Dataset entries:
(* Consider the scalar $N$-player linear-quadratic differential game and the matrix $\mathbf M$ described in the context. Let $\mu=(\mu_1,\dots,\mu_N)$ be a weight vector with $\mu_i>0$ and $\sum_i\mu_i=1$, and set $\mu^s_{\max}=\max_i\mu_i/s_i$. Then every feedback Nash equilibrium $(k_1,\dots,k_N)$ satisfies $$\sum_{i=1}^N\mu_ik_i\le\mu^s_{\max}\big(\varrho(\mathbf M)+a\big).$$ Hence the feedback price of anarchy satisfies $$\rho^{FB}_\mu\le\frac{\mu^s_{\max}\big(\varrho(\mathbf M)+a\big)}{\hat k_\mu},$$ where $\varrho(\mathbf M)$ denotes the spectral radius of $\mathbf M$. In particular, for the weights $\bar\mu_i=s_i/\sum_{j=1}^Ns_j$, $$\rho^{FB}_{\bar\mu}\le\frac{\varrho(\mathbf M)+a}{\big(\sum_{i=1}^Ns_i\big)\,\hat k_{\bar\mu}}.$$
   Context: **Game.** The game is the infinite-horizon scalar linear-quadratic differential game with players $i\in\{1,\dots,N\}$. - State dynamics: $\dot x(t)=ax(t)+\sum_{i=1}^N b_iu_i(t)$, with $x(0)=x_0\neq0$. - Cost of player $i$: $L_i(u)=\int_0^\infty\big(q_ix(t)^2+r_iu_i(t)^2\big)\,dt$. - Parameters: $a\in\mathbb R$; $q_i>0$, $r_i>0$, $b_i\neq0$ are real scalars. - Notation: $s_i=b_i^2/r_i$ and $\sigma_i=s_iq_i$. **Feedback Nash equilibrium (standard characterization).** A feedback Nash equilibrium is an $N$-tuple of stationary linear policies $u_i=-\frac{b_i}{r_i}k_ix$ such that $(k_1,\dots,k_N)$ solves $$2\big(a-\sum_j s_jk_j\big)k_i+q_i+s_ik_i^2=0\quad\text{for all } i,$$ with $a-\sum_js_jk_j<0$. Player $i$'s cost is $k_ix_0^2$. **Social optimum.** For weights $\mu$, define $$\bar q_\mu=\sum_i\mu_iq_i,\qquad \bar b_\mu=\sum_i\frac{b_i^2}{\mu_ir_i},\qquad \hat k_\mu=\frac{a+\sqrt{a^2+\bar q_\mu\bar b_\mu}}{\bar b_\mu}.$$ The minimum over all controls of $\sum_i\mu_iL_i$ equals $\hat k_\mu x_0^2$. **Feedback price of anarchy.** It is defined as $$\rho^{FB}_\mu=\max\Big\{\sum_i\mu_ik_i/\hat k_\mu\Big\},$$ where the maximum (or supremum) is taken over all feedback Nash equilibria. **Matrix $\mathbf M$.** The matrix $\widetilde{\mathbf M}$ is a $2^N\times2^N$ real matrix whose rows and columns are indexed by subsets $\Omega\subseteq\{1,\dots,N\}$. Write $n_\Omega=|\Omega|$. - Row $\Omega=\emptyset$: entry $1$ in each column $\{j\}$ for $j=1,\dots,N$; entry $-a$ in column $\emptyset$; all other entries $0$. - Row $\Omega\neq\emptyset$: entry $\sigma_i/(2n_\Omega-1)$ in column $\Omega\setminus\{i\}$ for each $i\in\Omega$; entry $-1/(2n_\Omega-1)$ in column $\Omega\cup\{i\}$ for each $i\notin\Omega$; entry $a/(2n_\Omega-1)$ in column $\Omega$; all other entries $0$. Let $\mathbf D$ be the diagonal matrix with $\Omega$-th diagonal entry $\prod_{j\in\Omega}s_j$ (the empty product is $1$). Then $\mathbf M=\mathbf D^{-1}\widetilde{\mathbf M}\mathbf D$. *)

(* Scalars live in an arbitrary numClosedFieldType C
   (e.g. the complex numbers); the game parameters are required to be real. *)
From HB Require Import structures.
From mathcomp Require Import all_boot all_order all_algebra.
Set Implicit Arguments. Unset Strict Implicit. Unset Printing Implicit Defensive.
Import Order.TTheory GRing.Theory Num.Theory.
Local Open Scope ring_scope.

» **What the exercise asks**:
Please reproduce the closing stretch of the records, from the line with "From mathcomp Require" through the last line, exactly as it stands.

» **Solution to this task**:
From mathcomp Require Import all_boot all_order all_algebra.
Set Implicit Arguments. Unset Strict Implicit. Unset Printing Implicit Defensive.
Import Order.TTheory GRing.Theory Num.Theory.
Local Open Scope ring_scope.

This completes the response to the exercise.